> **Records for the task**:
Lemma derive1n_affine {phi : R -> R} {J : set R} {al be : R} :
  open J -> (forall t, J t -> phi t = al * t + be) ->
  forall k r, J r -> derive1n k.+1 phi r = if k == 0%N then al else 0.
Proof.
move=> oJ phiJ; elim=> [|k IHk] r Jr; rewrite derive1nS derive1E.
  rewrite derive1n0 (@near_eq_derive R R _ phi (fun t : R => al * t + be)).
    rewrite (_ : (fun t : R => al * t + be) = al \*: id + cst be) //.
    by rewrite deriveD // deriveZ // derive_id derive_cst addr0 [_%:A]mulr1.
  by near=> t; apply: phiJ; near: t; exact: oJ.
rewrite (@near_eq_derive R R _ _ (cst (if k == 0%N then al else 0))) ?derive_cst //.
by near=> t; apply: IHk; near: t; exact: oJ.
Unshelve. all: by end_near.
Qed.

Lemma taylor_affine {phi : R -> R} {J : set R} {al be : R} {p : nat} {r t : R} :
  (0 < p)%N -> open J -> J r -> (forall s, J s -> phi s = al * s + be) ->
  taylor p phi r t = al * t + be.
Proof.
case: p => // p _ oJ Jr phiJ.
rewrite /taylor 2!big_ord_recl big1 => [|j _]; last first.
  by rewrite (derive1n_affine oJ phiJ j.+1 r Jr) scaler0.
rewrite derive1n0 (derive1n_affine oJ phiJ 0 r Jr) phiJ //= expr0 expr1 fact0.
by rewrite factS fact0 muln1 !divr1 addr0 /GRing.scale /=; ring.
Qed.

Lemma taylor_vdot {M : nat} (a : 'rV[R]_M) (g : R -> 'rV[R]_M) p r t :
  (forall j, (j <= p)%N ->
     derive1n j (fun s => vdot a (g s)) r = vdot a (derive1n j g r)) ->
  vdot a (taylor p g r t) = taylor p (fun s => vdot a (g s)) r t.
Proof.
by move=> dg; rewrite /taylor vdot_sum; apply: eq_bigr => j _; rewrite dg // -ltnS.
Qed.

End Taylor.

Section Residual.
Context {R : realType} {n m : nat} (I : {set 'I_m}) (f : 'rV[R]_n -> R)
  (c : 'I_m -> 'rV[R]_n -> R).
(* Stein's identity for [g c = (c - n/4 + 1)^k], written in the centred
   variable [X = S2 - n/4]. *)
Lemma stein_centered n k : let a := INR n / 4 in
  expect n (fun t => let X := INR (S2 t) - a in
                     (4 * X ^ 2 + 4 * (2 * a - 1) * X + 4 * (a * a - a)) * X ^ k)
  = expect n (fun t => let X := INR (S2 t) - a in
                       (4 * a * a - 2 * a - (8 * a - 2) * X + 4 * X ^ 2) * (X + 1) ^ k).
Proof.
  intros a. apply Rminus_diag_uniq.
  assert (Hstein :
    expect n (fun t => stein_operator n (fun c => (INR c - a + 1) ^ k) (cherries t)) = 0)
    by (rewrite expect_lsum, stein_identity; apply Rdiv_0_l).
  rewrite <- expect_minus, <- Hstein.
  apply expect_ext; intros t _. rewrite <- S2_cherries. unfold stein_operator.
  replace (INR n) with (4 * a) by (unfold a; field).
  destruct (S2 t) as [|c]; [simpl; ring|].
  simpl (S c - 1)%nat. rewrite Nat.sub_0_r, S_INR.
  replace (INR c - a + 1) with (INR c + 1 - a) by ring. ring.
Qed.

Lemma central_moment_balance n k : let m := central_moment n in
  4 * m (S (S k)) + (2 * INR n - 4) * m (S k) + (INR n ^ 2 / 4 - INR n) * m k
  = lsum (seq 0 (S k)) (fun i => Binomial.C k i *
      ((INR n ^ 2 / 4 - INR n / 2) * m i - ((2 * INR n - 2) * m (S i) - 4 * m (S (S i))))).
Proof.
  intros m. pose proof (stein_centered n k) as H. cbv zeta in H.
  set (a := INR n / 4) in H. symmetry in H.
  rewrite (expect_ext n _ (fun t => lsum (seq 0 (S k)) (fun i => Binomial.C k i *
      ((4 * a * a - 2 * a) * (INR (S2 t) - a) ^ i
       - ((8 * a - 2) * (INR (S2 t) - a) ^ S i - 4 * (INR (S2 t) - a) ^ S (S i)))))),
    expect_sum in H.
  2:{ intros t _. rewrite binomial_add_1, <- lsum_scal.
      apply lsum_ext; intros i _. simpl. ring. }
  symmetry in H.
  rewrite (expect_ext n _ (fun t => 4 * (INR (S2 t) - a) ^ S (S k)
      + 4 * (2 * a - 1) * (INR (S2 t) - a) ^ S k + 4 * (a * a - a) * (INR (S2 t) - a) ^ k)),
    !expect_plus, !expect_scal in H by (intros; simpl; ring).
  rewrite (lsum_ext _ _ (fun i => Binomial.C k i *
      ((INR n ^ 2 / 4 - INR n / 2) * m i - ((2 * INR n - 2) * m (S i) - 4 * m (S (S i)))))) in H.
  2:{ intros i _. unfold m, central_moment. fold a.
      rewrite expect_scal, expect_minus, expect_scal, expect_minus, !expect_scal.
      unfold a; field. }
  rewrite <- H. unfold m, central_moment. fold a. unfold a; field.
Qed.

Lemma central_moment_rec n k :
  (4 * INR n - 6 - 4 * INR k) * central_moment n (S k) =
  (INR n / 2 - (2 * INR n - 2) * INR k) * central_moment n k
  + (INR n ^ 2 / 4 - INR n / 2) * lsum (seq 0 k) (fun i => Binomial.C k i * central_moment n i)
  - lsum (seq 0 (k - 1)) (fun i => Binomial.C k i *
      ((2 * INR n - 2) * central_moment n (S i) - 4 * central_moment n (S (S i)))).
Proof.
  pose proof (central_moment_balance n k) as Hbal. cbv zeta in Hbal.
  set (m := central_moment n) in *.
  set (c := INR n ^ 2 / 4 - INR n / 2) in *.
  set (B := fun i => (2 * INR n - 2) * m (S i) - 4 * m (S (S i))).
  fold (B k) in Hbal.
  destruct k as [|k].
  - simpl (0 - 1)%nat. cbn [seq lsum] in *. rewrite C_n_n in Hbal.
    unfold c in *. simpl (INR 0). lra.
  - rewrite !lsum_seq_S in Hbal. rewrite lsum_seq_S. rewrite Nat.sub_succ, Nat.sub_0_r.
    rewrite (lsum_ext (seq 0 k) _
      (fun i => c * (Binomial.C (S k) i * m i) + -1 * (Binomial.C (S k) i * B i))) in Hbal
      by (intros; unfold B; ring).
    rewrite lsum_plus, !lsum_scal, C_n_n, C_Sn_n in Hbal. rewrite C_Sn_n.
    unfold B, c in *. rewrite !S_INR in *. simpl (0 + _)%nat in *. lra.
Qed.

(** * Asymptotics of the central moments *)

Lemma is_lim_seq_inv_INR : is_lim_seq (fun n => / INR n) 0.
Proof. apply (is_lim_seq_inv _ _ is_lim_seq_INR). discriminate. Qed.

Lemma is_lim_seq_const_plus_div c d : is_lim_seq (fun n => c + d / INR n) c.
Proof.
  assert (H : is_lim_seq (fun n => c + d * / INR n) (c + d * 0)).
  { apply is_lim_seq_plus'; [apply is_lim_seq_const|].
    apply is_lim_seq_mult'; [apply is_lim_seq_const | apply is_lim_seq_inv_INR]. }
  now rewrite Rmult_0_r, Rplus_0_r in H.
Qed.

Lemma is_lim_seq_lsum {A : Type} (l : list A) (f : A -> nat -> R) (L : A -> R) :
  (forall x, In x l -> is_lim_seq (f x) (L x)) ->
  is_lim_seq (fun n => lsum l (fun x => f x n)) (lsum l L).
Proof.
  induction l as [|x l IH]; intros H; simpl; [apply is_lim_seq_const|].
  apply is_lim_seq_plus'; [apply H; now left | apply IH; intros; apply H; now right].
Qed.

> **Exercise**: Output the listing above in full, exactly as written.

> **Answer for the task**:
Lemma derive1n_affine {phi : R -> R} {J : set R} {al be : R} :
  open J -> (forall t, J t -> phi t = al * t + be) ->
  forall k r, J r -> derive1n k.+1 phi r = if k == 0%N then al else 0.
Proof.
move=> oJ phiJ; elim=> [|k IHk] r Jr; rewrite derive1nS derive1E.
  rewrite derive1n0 (@near_eq_derive R R _ phi (fun t : R => al * t + be)).
    rewrite (_ : (fun t : R => al * t + be) = al \*: id + cst be) //.
    by rewrite deriveD // deriveZ // derive_id derive_cst addr0 [_%:A]mulr1.
  by near=> t; apply: phiJ; near: t; exact: oJ.
rewrite (@near_eq_derive R R _ _ (cst (if k == 0%N then al else 0))) ?derive_cst //.
by near=> t; apply: IHk; near: t; exact: oJ.
Unshelve. all: by end_near.
Qed.

Lemma taylor_affine {phi : R -> R} {J : set R} {al be : R} {p : nat} {r t : R} :
  (0 < p)%N -> open J -> J r -> (forall s, J s -> phi s = al * s + be) ->
  taylor p phi r t = al * t + be.
Proof.
case: p => // p _ oJ Jr phiJ.
rewrite /taylor 2!big_ord_recl big1 => [|j _]; last first.
  by rewrite (derive1n_affine oJ phiJ j.+1 r Jr) scaler0.
rewrite derive1n0 (derive1n_affine oJ phiJ 0 r Jr) phiJ //= expr0 expr1 fact0.
by rewrite factS fact0 muln1 !divr1 addr0 /GRing.scale /=; ring.
Qed.

Lemma taylor_vdot {M : nat} (a : 'rV[R]_M) (g : R -> 'rV[R]_M) p r t :
  (forall j, (j <= p)%N ->
     derive1n j (fun s => vdot a (g s)) r = vdot a (derive1n j g r)) ->
  vdot a (taylor p g r t) = taylor p (fun s => vdot a (g s)) r t.
Proof.
by move=> dg; rewrite /taylor vdot_sum; apply: eq_bigr => j _; rewrite dg // -ltnS.
Qed.

End Taylor.

Section Residual.
Context {R : realType} {n m : nat} (I : {set 'I_m}) (f : 'rV[R]_n -> R)
  (c : 'I_m -> 'rV[R]_n -> R).
(* Stein's identity for [g c = (c - n/4 + 1)^k], written in the centred
   variable [X = S2 - n/4]. *)
Lemma stein_centered n k : let a := INR n / 4 in
  expect n (fun t => let X := INR (S2 t) - a in
                     (4 * X ^ 2 + 4 * (2 * a - 1) * X + 4 * (a * a - a)) * X ^ k)
  = expect n (fun t => let X := INR (S2 t) - a in
                       (4 * a * a - 2 * a - (8 * a - 2) * X + 4 * X ^ 2) * (X + 1) ^ k).
Proof.
  intros a. apply Rminus_diag_uniq.
  assert (Hstein :
    expect n (fun t => stein_operator n (fun c => (INR c - a + 1) ^ k) (cherries t)) = 0)
    by (rewrite expect_lsum, stein_identity; apply Rdiv_0_l).
  rewrite <- expect_minus, <- Hstein.
  apply expect_ext; intros t _. rewrite <- S2_cherries. unfold stein_operator.
  replace (INR n) with (4 * a) by (unfold a; field).
  destruct (S2 t) as [|c]; [simpl; ring|].
  simpl (S c - 1)%nat. rewrite Nat.sub_0_r, S_INR.
  replace (INR c - a + 1) with (INR c + 1 - a) by ring. ring.
Qed.

Lemma central_moment_balance n k : let m := central_moment n in
  4 * m (S (S k)) + (2 * INR n - 4) * m (S k) + (INR n ^ 2 / 4 - INR n) * m k
  = lsum (seq 0 (S k)) (fun i => Binomial.C k i *
      ((INR n ^ 2 / 4 - INR n / 2) * m i - ((2 * INR n - 2) * m (S i) - 4 * m (S (S i))))).
Proof.
  intros m. pose proof (stein_centered n k) as H. cbv zeta in H.
  set (a := INR n / 4) in H. symmetry in H.
  rewrite (expect_ext n _ (fun t => lsum (seq 0 (S k)) (fun i => Binomial.C k i *
      ((4 * a * a - 2 * a) * (INR (S2 t) - a) ^ i
       - ((8 * a - 2) * (INR (S2 t) - a) ^ S i - 4 * (INR (S2 t) - a) ^ S (S i)))))),
    expect_sum in H.
  2:{ intros t _. rewrite binomial_add_1, <- lsum_scal.
      apply lsum_ext; intros i _. simpl. ring. }
  symmetry in H.
  rewrite (expect_ext n _ (fun t => 4 * (INR (S2 t) - a) ^ S (S k)
      + 4 * (2 * a - 1) * (INR (S2 t) - a) ^ S k + 4 * (a * a - a) * (INR (S2 t) - a) ^ k)),
    !expect_plus, !expect_scal in H by (intros; simpl; ring).
  rewrite (lsum_ext _ _ (fun i => Binomial.C k i *
      ((INR n ^ 2 / 4 - INR n / 2) * m i - ((2 * INR n - 2) * m (S i) - 4 * m (S (S i)))))) in H.
  2:{ intros i _. unfold m, central_moment. fold a.
      rewrite expect_scal, expect_minus, expect_scal, expect_minus, !expect_scal.
      unfold a; field. }
  rewrite <- H. unfold m, central_moment. fold a. unfold a; field.
Qed.

Lemma central_moment_rec n k :
  (4 * INR n - 6 - 4 * INR k) * central_moment n (S k) =
  (INR n / 2 - (2 * INR n - 2) * INR k) * central_moment n k
  + (INR n ^ 2 / 4 - INR n / 2) * lsum (seq 0 k) (fun i => Binomial.C k i * central_moment n i)
  - lsum (seq 0 (k - 1)) (fun i => Binomial.C k i *
      ((2 * INR n - 2) * central_moment n (S i) - 4 * central_moment n (S (S i)))).
Proof.
  pose proof (central_moment_balance n k) as Hbal. cbv zeta in Hbal.
  set (m := central_moment n) in *.
  set (c := INR n ^ 2 / 4 - INR n / 2) in *.
  set (B := fun i => (2 * INR n - 2) * m (S i) - 4 * m (S (S i))).
  fold (B k) in Hbal.
  destruct k as [|k].
  - simpl (0 - 1)%nat. cbn [seq lsum] in *. rewrite C_n_n in Hbal.
    unfold c in *. simpl (INR 0). lra.
  - rewrite !lsum_seq_S in Hbal. rewrite lsum_seq_S. rewrite Nat.sub_succ, Nat.sub_0_r.
    rewrite (lsum_ext (seq 0 k) _
      (fun i => c * (Binomial.C (S k) i * m i) + -1 * (Binomial.C (S k) i * B i))) in Hbal
      by (intros; unfold B; ring).
    rewrite lsum_plus, !lsum_scal, C_n_n, C_Sn_n in Hbal. rewrite C_Sn_n.
    unfold B, c in *. rewrite !S_INR in *. simpl (0 + _)%nat in *. lra.
Qed.

(** * Asymptotics of the central moments *)

Lemma is_lim_seq_inv_INR : is_lim_seq (fun n => / INR n) 0.
Proof. apply (is_lim_seq_inv _ _ is_lim_seq_INR). discriminate. Qed.

Lemma is_lim_seq_const_plus_div c d : is_lim_seq (fun n => c + d / INR n) c.
Proof.
  assert (H : is_lim_seq (fun n => c + d * / INR n) (c + d * 0)).
  { apply is_lim_seq_plus'; [apply is_lim_seq_const|].
    apply is_lim_seq_mult'; [apply is_lim_seq_const | apply is_lim_seq_inv_INR]. }
  now rewrite Rmult_0_r, Rplus_0_r in H.
Qed.

Lemma is_lim_seq_lsum {A : Type} (l : list A) (f : A -> nat -> R) (L : A -> R) :
  (forall x, In x l -> is_lim_seq (f x) (L x)) ->
  is_lim_seq (fun n => lsum l (fun x => f x n)) (lsum l L).
Proof.
  induction l as [|x l IH]; intros H; simpl; [apply is_lim_seq_const|].
  apply is_lim_seq_plus'; [apply H; now left | apply IH; intros; apply H; now right].
Qed.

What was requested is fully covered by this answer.